Edited by DallasSteve
  • Like 1
Link to comment
Share on other sites

If it's a constant rate, as you said you could stretch the short tracks out to the correct length, but I'd suspect it wouldn't be - tape (especially old tape) will likely be speeding up and slowing down over the duration of the song. That also means the pitch will be doing the same too.

If you really wanted the challenge and didn't mind the pitch issues, you could use AudioSnap and manually drop a transient marker at the start of each bar on each set of 2 tracks and then stretch them out progressively to match.

My advice is to look for a cheap second hand 4-track machine and use that. You'd save more money's worth in time for what it'd cost for the 4-track and get FAR superior results.

  • Like 1
  • Great Idea 2
Link to comment
Share on other sites

13 hours ago, Lord Tim said:

If it's a constant rate, as you said you could stretch the short tracks out to the correct length, but I'd suspect it wouldn't be - tape (especially old tape) will likely be speeding up and slowing down over the duration of the song. That also means the pitch will be doing the same too.

If you really wanted the challenge and didn't mind the pitch issues, you could use AudioSnap and manually drop a transient marker at the start of each bar on each set of 2 tracks and then stretch them out progressively to match.

My advice is to look for a cheap second hand 4-track machine and use that. You'd save more money's worth in time for what it'd cost for the 4-track and get FAR superior results.

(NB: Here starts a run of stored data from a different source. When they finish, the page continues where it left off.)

Lemma sum_ad2_lincomb m (a : 'M[C]_m) c (S : 'I_m -> 'M_n) Y :
  a^T *m a = c%:M ->
  \sum_i comm (\sum_j a i j *: S j) (comm (\sum_j a i j *: S j) Y)
    = c *: \sum_j comm (S j) (comm (S j) Y).
Proof.
move=> aTa; pose T j l := comm (S j) (comm (S l) Y).
transitivity (\sum_i \sum_j \sum_l (a i j * a i l) *: T j l).
  apply: eq_bigr => i _; rewrite comm_suml; apply: eq_bigr => j _.
  rewrite commZl comm_suml linear_sum scaler_sumr; apply: eq_bigr => l _.
  by rewrite commZl linearZ scalerA.
rewrite exchange_big scaler_sumr; apply: eq_bigr => j _ /=.
have aTaE l : \sum_i a i j * a i l = c *+ (j == l).
  have := congr1 (fun M : 'M_m => M j l) aTa; rewrite !mxE.
  by under eq_bigr do rewrite mxE.
rewrite exchange_big (bigD1 j) //= -!scaler_suml aTaE eqxx big1 ?addr0 // => l lj.
by rewrite -scaler_suml aTaE eq_sym (negPf lj) scale0r.
Qed.

End Commutator.

Lemma mulmx_scalar_sym (F : fieldType) m (A B : 'M[F]_m) c :
  c != 0 -> A *m B = c%:M -> B *m A = c%:M.
Proof.
move=> c0 AB; have /mulmx1C : A *m (c^-1 *: B) = 1%:M.
  by rewrite -scalemxAr AB scale_scalar_mx mulVf.
rewrite -scalemxAl => /(congr1 ( *:%R c)).
by rewrite scalerA mulfV // scale1r scale_scalar_mx mulr1.
Qed.

Lemma limg_stable_inj (K : fieldType) (vT : vectType K) (f : 'End(vT))
    (U : {vspace vT}) :
  (f @: U <= U)%VS -> (U :&: lker f = 0)%VS -> (f @: U)%VS = U.
Proof. by move=> fUU ker0; apply/eqP; rewrite eqEdim fUU (limg_dim_eq ker0) leqnn. Qed.

Lemma eq_ord_consecutive (T : Type) n (f : 'I_n -> T) :
  (forall i j : 'I_n, i.+1 = j :> nat -> f i = f j) -> forall i j, f i = f j.
Proof.
move=> step; suff le (i j : 'I_n) : (i <= j)%N -> f i = f j.
  by move=> i j; case: (leqP i j) => [/le | /ltnW/le/esym].
case: j => j; elim: j => [|j IHj] ltjn ij.
  by congr f; apply: val_inj; apply/eqP; rewrite -leqn0.
case: (ltngtP i j.+1) ij => // [ltij _ | /= eqij _]; last by congr f; exact: val_inj.
by rewrite (IHj (ltnW ltjn) ltij); apply: step.
Qed.

Section Grading.
Variables (C : numClosedFieldType) (n k : nat).
Implicit Types (A B Y : 'M[C]_n).

Definition graded (r : int) A :=
  forall i j : 'I_n, ~ ((k : int) %| (i : int) - (j : int) - r)%Z -> A i j = 0.

Lemma gradedD r A B : graded r A -> graded r B -> graded r (A + B).
Proof. by move=> gA gB i j ndvd; rewrite mxE gA // gB // addr0. Qed.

Good points.  The 4-track machine would solve the mismatch of tape speed.  I gave this a try yesterday and it worked good enough for what I'm doing.  I set Audio Snap for the track and then I dragged the end of the shorter track to match the longer track.  That came out pretty close but there was some variation of the tracks in the middle.  I didn't try to adjust transient markers at each bar.  I'm not sure what Audio Snap does in terms of stretching, but it seemed to work.  I think the other variations were due to the natural tape differences.  It's probably not worth me buying an old machine for this project.

Link to comment
Share on other sites

It's more so the more-granular approach to stretching it out - if you're only adjusting the time of small sections rather the song as a whole, that lets you get in and fix the timing fluctuations a little better as they happen. But yeah, it's never really going to be as good as dumping all of the tracks into CbB at once.

  • Like 1
Link to comment
Share on other sites

Please sign in to comment

You will be able to leave a comment after signing in



Sign In Now
×
×
  • Create New...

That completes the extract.